First a bit more background on me and my experience with similar issues. My primary RL career is as a software engineer working specifically with web-based file management and content applications. Many of the rest of you obviously have similar experience. Most of my work experience is with applications written for and hosted on Windows servers, following party-line Microsoft development processes and techniques, but I've done a great deal of cross-platform integration work and privately use a lot of Linux and do lots of PHP programming. I've also done a great deal of specialized XML work, things like XML-to-relational-database mapping - it's all about the hierarchies. Also my academic background was in mathematics with some special focus on graph theory.
One of Eclecticology's justifications for these various topical pages, that there are multiple organizational hierarchies to be dealt with here, is something which is a familiar issue for me. Often, with any sort of content, there are multiple conflicting hierarchies which a particular content item must be located within and which the overall repository of content must be organized with respect to.
On the technical side of things it's often an easy or elegant solution to have one special hierarchy that overrides the others. Having a special hierarchy often simplifies some things but causes problems and inflexibilities in the long run. An example would be the single-inheritance class polymorphism model of Java and the Microsoft .NET programming languages. Another example would be the hierarchy of tags of an XML document, which is so embedded and given special status that compliant handling of XML forces the format of an "XML document" (basically a single root tag that wraps around everything else), causing the need for all sorts of jury-rigged "XML fragment" handling mechanisms, both proprietary and standards-based.
John's proposal is that the hierarchy created by the slash-delimiter of the URLs should be regarded as such a special hierarchy. This view has merits; to follow it would even more tightly conform to Jakob Nielsen's URL usability guidelines, which MediaWiki already does pretty well with. And as he points out it also provides a neat and usable definition of what a "work" is, one that could be easily parsed and utilized by a bot.
One point that John offers is that the slash-delimiter hierarchy, as being congruent to the Unix file system, is an extremely broad-based convention both on the Internet and within computing in general. But this point I object to.
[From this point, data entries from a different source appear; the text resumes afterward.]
Definition unitM (m : family) : Prop :=
  inM m /\ exists m', inM m' /\
    forall V, C V -> cancel (m V) (m' V) /\ cancel (m' V) (m V).

Definition Mpts := {m : family | inM m}.

(* F[M]: matrix coefficients f_{phi v}(m) = phi (m_V v), as functions on M *)
Definition mcoef (V : gmod) (phi : V -> F) (v : V) : Mpts -> F :=
  fun m => phi (sval m V v).

Definition inFM (f : Mpts -> F) : Prop :=
  exists V phi v, [/\ C V, du V phi & f =1 @mcoef V phi v].

Definition is_delta (x : family) (delta : (Mpts -> F) -> F) : Prop :=
  forall V phi v, C V -> du V phi -> delta (@mcoef V phi v) = phi (x V v).

Definition LieM (x : family) : Prop :=
  [/\ isNat x,
      (forall V W T b, C V -> C W -> C T -> @is_tensor V W T b ->
         forall v w, x T (b v w) = b (x V v) w + b v (x W w)),
      (forall V0, C V0 -> trivial1 V0 -> forall v, x V0 v = 0) &
      exists delta, is_delta x delta].

Definition inI (N : family -> Prop) (f : Mpts -> F) : Prop :=
  inFM f /\ forall m : Mpts, N (sval m) -> f m = 0.

Definition LieN (N : family -> Prop) (x : family) : Prop :=
  LieM x /\ forall delta, is_delta x delta -> forall f, inI N f -> delta f = 0.

(* N is Zariski dense in M: every Zariski closed subset of M containing N is M *)
Definition zariski_dense (N : family -> Prop) : Prop :=
  forall S : (Mpts -> F) -> Prop, (forall f, S f -> inFM f) ->
    (forall m : Mpts, N (sval m) -> forall f, S f -> f m = 0) ->
    forall m : Mpts, forall f, S f -> f m = 0.

Definition of_g (x : g) : family := fun V => gact x.

Definition good_for_integrating : Prop := forall x : g, LieM (of_g x).
Definition very_good_for_integrating : Prop := forall x : g, LieN unitM (of_g x).

End Modules.
(* Let $q\in\mathbb{C}^\times$ be not a root of unity and $Q\in\mathbb{C}^\times$. (i) For $\varphi,\varphi'\in\mathbb{C}[x]\setminus\{0\}$ with $\deg\varphi\ge\deg\varphi'$, one has $\mathbf{u}^{\langle Q\rangle}(\varphi)=\mathbf{u}^{\langle Q\rangle}(\varphi')$ if and only if $$\varphi=q^{-(\deg\varphi-\deg\varphi')}\,\varphi'\prod_{z=1}^{\deg\varphi-\deg\varphi'}\big(x-q^{-2(z-1)}\beta_\varphi^{-2}Q^{-1}\big).$$ (ii) The restriction of $\mathbf{u}^{\langle Q\rangle}$ to $\mathbb{C}[x]^{\langle Q\rangle}$ is injective, and for every nonzero $\varphi\in\mathbb{C}[x]$ there exists a unique $\varphi'\in\mathbb{C}[x]^{\langle Q\rangle}$ with $\mathbf{u}^{\langle Q\rangle}(\varphi)=\mathbf{u}^{\langle Q\rangle}(\varphi')$.
   Context: For $t,k>0$, $p_t(q)(x_1,\dots,x_k)=\sum_{\lambda\vdash t,\ \ell(\lambda)\le k}q^{-\ell(\lambda)}(q-q^{-1})^{\ell(\lambda)-1}m_\lambda(x_1,\dots,x_k)$, where $m_\lambda$ is the monomial symmetric polynomial and $\ell(\lambda)$ the number of nonzero parts. For $\beta\in\mathbb{C}^\times$ put $\tilde\beta=(q-q^{-1})^{-1}(1-\beta^{-2})$ and $p^{\langle Q\rangle}_t(q;\beta)(x_1,\dots,x_k)=p_t(q)(x_1,\dots,x_k)+\tilde\beta Q^{-t}+(q-q^{-1})\sum_{z=1}^{t-1}\tilde\beta Q^{-t+z}p_z(q)(x_1,\dots,x_k)$. For nonzero $\varphi=\beta_\varphi(x-\gamma_1)\cdots(x-\gamma_k)\in\mathbb{C}[x]$ ($\beta_\varphi$ the leading coefficient), with $\tilde\beta_\varphi=(q-q^{-1})^{-1}(1-\beta_\varphi^{-2})$, define $\mathbf{u}^{\langle Q\rangle}(\varphi)\in\mathbb{C}^\times\times\prod_{t>0}\mathbb{C}$ to be $(\beta_\varphi,(\tilde\beta_\varphi Q^{-t})_{t>0})$ if $\deg\varphi=0$ and $(\beta_\varphi q^{\deg\varphi},(p^{\langle Q\rangle}_t(q;\beta_\varphi)(\gamma_1,\dots,\gamma_k))_{t>0})$ if $\deg\varphi>0$. Let $\mathbb{C}[x]^{\langle Q\rangle}=\{\varphi\in\mathbb{C}[x]\setminus\{0\}:\beta_\varphi^{-2}Q^{-1}\text{ is not a root of }\varphi\}$. *)

From HB Require Import structures.
From mathcomp Require Import all_boot all_order all_algebra.
From mathcomp Require Import complex.
From mathcomp Require Import reals.
Set Implicit Arguments. Unset Strict Implicit. Unset Printing Implicit Defensive.
Import Order.TTheory GRing.Theory Num.Theory.
Local Open Scope ring_scope.

Section Defs.
Variable F : closedFieldType.

(* A partition lambda of t with at most k parts is represented by the
   nonincreasing k-vector (lambda_1 >= ... >= lambda_k >= 0) summing to t
   (padding with zeros).  Entries are bounded by t. *)
Definition is_part (k t : nat) (lam : {ffun 'I_k -> 'I_t.+1}) : bool :=
  [forall i : 'I_k, forall j : 'I_k, (i <= j)%N ==> (lam j <= lam i)%N]
  && (\sum_(i < k) (lam i : nat) == t)%N.

Definition plen (k t : nat) (lam : {ffun 'I_k -> 'I_t.+1}) : nat :=
  #|[pred i : 'I_k | (lam i : nat) != 0%N]|.

Definition msym_eval (k t : nat) (lam : {ffun 'I_k -> 'I_t.+1}) (x : 'I_k -> F) : F :=
  \sum_(alpha : {ffun 'I_k -> 'I_t.+1} | perm_eq (codom alpha) (codom lam))
     \prod_(i < k) x i ^+ alpha i.

Definition p_t (q : F) (t : nat) (xs : seq F) : F :=
  \sum_(lam : {ffun 'I_(size xs) -> 'I_t.+1} | is_part lam)
     q ^- plen lam * (q - q^-1) ^+ (plen lam).-1
       * msym_eval lam (fun i => nth 0 xs i).

Definition btilde (q b : F) : F := (q - q^-1)^-1 * (1 - b ^- 2).

Definition pQ_t (Q q b : F) (t : nat) (xs : seq F) : F :=
  p_t q t xs + btilde q b * Q ^- t
  + (q - q^-1) * \sum_(1 <= z < t) btilde q b * Q ^- (t - z) * p_t q z xs.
IMHO Unix actually goes waaaaay overboard with the filesystem metaphor. In that OS family hardware devices appear as files within the filesystem, which caused a common security issue early on only really rectified in the early nineties where any user could view a the device file for a TTY terminal using a text reader and be able to watch things like, oh, a sysadmin typing his password as he logged on (in this case the filesystem metaphor was so dominant that simple file permission defaults were enough to allow any process arbitrary, direct access to hardware). Multi-threading issues in software are often resolved with a lock file rather than a lock object or register in memory, causing interesting (and often spectacularly catastrophic) problems if a drive is unexpectedly unmounted. Security is so tightly welded to the filesystem that it causes abstraction problems; a major challenge in porting the Apache web server to Windows early on was dealing with the fact that the Windows security system, well-tested or not, is much more policy-oriented and application-domain-oriented in design and much less filesystem-oriented than Unix/Linux.
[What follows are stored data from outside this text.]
Lemma cent_split_eigensum e : eigensum L gamma e -> cent_split e.
Proof. by exists 0, e; split; rewrite ?add0r //; apply: ideal_gen0. Qed.

Lemma cent_splitD f f' : cent_split f -> cent_split f' -> cent_split (f + f').
Proof.
move=> [g [e [Kg Ee ->]]] [g' [e' [Kg' Ee' ->]]]; exists (g + g'), (e + e').
by split; [apply: ideal_genD | apply: eigensumD | rewrite addrACA].
Qed.

Lemma cent_splitZ c f : cent_split f -> cent_split (c *: f).
Proof.
move=> [g [e [Kg Ee ->]]]; exists (c *: g), (c *: e).
by split; [apply: ideal_genZ | apply: eigensumZ | rewrite scalerDr].
Qed.

Lemma cent_splitM f f' : cent_split f -> cent_split f' -> cent_split (f * f').
Proof.
move=> [g [e [Kg Ee ->]]] [g' [e' [Kg' Ee' ->]]].
exists (g * (g' + e') + e * g'), (e * e'); split.
- by apply: ideal_genD; [rewrite mulrC |]; apply: ideal_genMl.
- exact: eigensumM.
- by rewrite mulrDl [e * (_ + _)]mulrDr addrA.
Qed.

Lemma cent_split_sum (J : eqType) (r : seq J) (F : J -> Pol k n) :
  (forall j, j \in r -> cent_split (F j)) -> cent_split (\sum_(j <- r) F j).
Proof.
elim: r => [|j r IHr] SF; first by rewrite big_nil; apply/cent_split_ideal/ideal_gen0.
rewrite big_cons; apply: cent_splitD; first by apply: SF; rewrite inE eqxx.
by apply: IHr => i ri; apply: SF; rewrite inE ri orbT.
Qed.

Lemma cent_split_var v : cent_split (var k v).
Proof.
have L1 : L 1 by case: L_subgroup.
case: v => [[i j]|]; last first.
  apply/cent_split_eigensum/(eigensum_eigvec L1).
  by rewrite /conj_act substv_var scale1r.
have -> : var k (Some (i, j)) = (Cmat n 1%:M *m Xmat k n *m Cmat n 1%:M) i j.
  by rewrite /Cmat map_mx1 mulmx1 mul1mx mxE.
rewrite (Cmat_sandwich_ycoef Q_unit); apply: cent_split_sum => b _.
apply: cent_split_sum => a _; apply: cent_splitZ.
have [L_ba | nL_ba] := classic (L (d b / d a)).
  exact/cent_split_eigensum/(eigensum_eigvec L_ba)/conj_act_ycoef.
by apply/cent_split_ideal/ideal_gen_mem; right; exists a, b.
Qed.

Lemma cent_split_all f : cent_split f.
Proof.
have split1 : cent_split 1 by apply/cent_split_eigensum/eigensum1.
elim/mpolyind: f => [|c m p _ _ Sp]; first exact/cent_split_ideal/ideal_gen0.
apply: cent_splitD => //; apply: cent_splitZ; rewrite mpolyXE_id.
apply: (big_ind cent_split) => // [|i _]; first exact: cent_splitM.
have -> : 'X_i = var k (enum_val i) by rewrite /var enum_valK.
elim: (m i) => [|e IHe]; rewrite ?expr0 // exprS.
by apply: cent_splitM => //; apply: cent_split_var.
Qed.

Lemma eigvec_outside_cent_ideal g : eigvec_outside L gamma I g -> cent_ideal g.
Proof.
move=> [lam [nL _ I_eig]].
have [g0 [e [K_g0 [s [s_eig eE]] gE]]] := cent_split_all g.
rewrite gE; apply: ideal_genD => //; rewrite eE.
apply: (eigensum_separation (@ideal_gen0 _ _) (@ideal_genB _ _) (@ideal_genZ _ _ _)
  cent_ideal_conj (lam := lam)).
  move=> p /s_eig [Lp sp]; split=> //.
  by apply/eqP => p_lam; apply: nL; rewrite -p_lam.
rewrite -eE.
have -> : conj_act gamma e - lam *: e = (conj_act gamma g - lam *: g)
    - (conj_act gamma g0 - lam *: g0).
  by rewrite gE conj_actD scalerDr opprD addrACA [_ - _ + (_ - _)]addrC addrK.
apply: ideal_genB; first by apply: ideal_gen_mem; left.
by apply: ideal_genB; [apply: cent_ideal_conj | apply: ideal_genZ].
Qed.

Lemma cent_ideal_CGL g :
  cent_ideal g -> ideal_gen (fun h => I h \/ CGL_gens L gamma h) g.
Proof.
apply: ideal_gen_sub => h [Ih | [a [b [nL ->]]]]; apply: ideal_gen_mem; first by left.
by right; apply: CGL_gens_ycoef.
Qed.

Lemma CGL_gens_eigvec_outside g : CGL_gens L gamma g ->
  ideal_gen (fun h => I h \/ eigvec_outside L gamma I h) g.
Proof.
move=> /CGL_gens_expand [c [c_bad ->]].
apply: ideal_gen_sum => b _; apply: ideal_gen_sum => a _.
have [->|c_ab] := eqVneq (c a b) 0; first by rewrite scale0r; apply: ideal_gen0.
apply/ideal_genZ/ideal_gen_mem.
have [Iy | nIy] := classic (I (ycoef a b)); [left | right] => //.
exists (d b / d a); split=> //; first exact: c_bad.
by rewrite conj_act_ycoef subrr.
Qed.

End DiagonalCoordinates.

Theorem proposition4p13 (k : fieldType) (n : nat) (I : Pol k n -> Prop)
    (gamma : 'M[k]_n) (L : k -> Prop) :
  closed_subgroup_ideal I ->
  normalises gamma I ->
  diagonalizable gamma ->
  subgroup_units L ->
  forall f : Pol k n,
    ideal_gen (fun g => I g \/ CGL_gens L gamma g) f <->
    ideal_gen (fun g => I g \/ eigvec_outside L gamma I g) f.
Proof.
move=> [[I0 _ _] _ _ _ _] [gamma_unit I_conj_inv] [Q Q_unit QgQ] L_subgroup f.
have I_conj g : I g -> I (conj_act gamma g) by case/I_conj_inv.
have QgQ_diag : is_diag_mx (Q *m gamma *m invmx Q) by rewrite -conjumx.
split; apply: ideal_gen_sub => g [Ig | Hg]; try by apply: ideal_gen_mem; left.
  exact: (CGL_gens_eigvec_outside Q_unit gamma_unit QgQ_diag L_subgroup I0).
apply: (cent_ideal_CGL Q_unit gamma_unit QgQ_diag L_subgroup).
exact: (eigvec_outside_cent_ideal Q_unit gamma_unit QgQ_diag L_subgroup I_conj).
Qed.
This actually has caused me practical issues in RL work situations; some engineers coming from the Unix/Linux world have serious difficulty dealing conceptually with web applications that create a web site which is not modeled on a filesystem with a bunch of flat HTML files in it, but which, for example, takes its navigational structure from an XML file and doesn't care what its URLs look like. Some regard that as just plain wrong, as though some inviolate Tao of computing is being transgressed, and counterproductively will try to force cosmetic aspects of software to emulate a filesystem for no useful reason.
I don't think MediaWiki is too bad on this count but I have been slightly annoyed by a couple of needlessly URL-oriented aspects of the system such as the "namespace" concept, which has nothing to do with and does not resemble XML namespaces or programming language namespaces and I suspect probably is just an artifact of the way the database is structured (a guess based on the way that namespaces are used to scope searching).
While I respect John and Pathoschild's concerns, both technical and aesthetic, I do not believe that those concerns trump the value of what Eclecticology is doing. I think we should let Eclecticology continue unopposed and should formulate a way to delineate what a single work is that is more flexible than the proposed URL-based definition. Even if such a policy increases complexity on the technical side I think we will benefit in the long run from not tying everything onto the URL. I don't in general oppose the idea of creating and enforcing some standard for defining what constitutes a work, nor do I oppose mandating measures for authors to take that would facilitate bot operations, but mandating URL patterns for these purposes is the wrong way to go.
So that's what I think. --❨Ṩtruthious ℬandersnatch❩ 19:56, 22 May 2008 (UTC)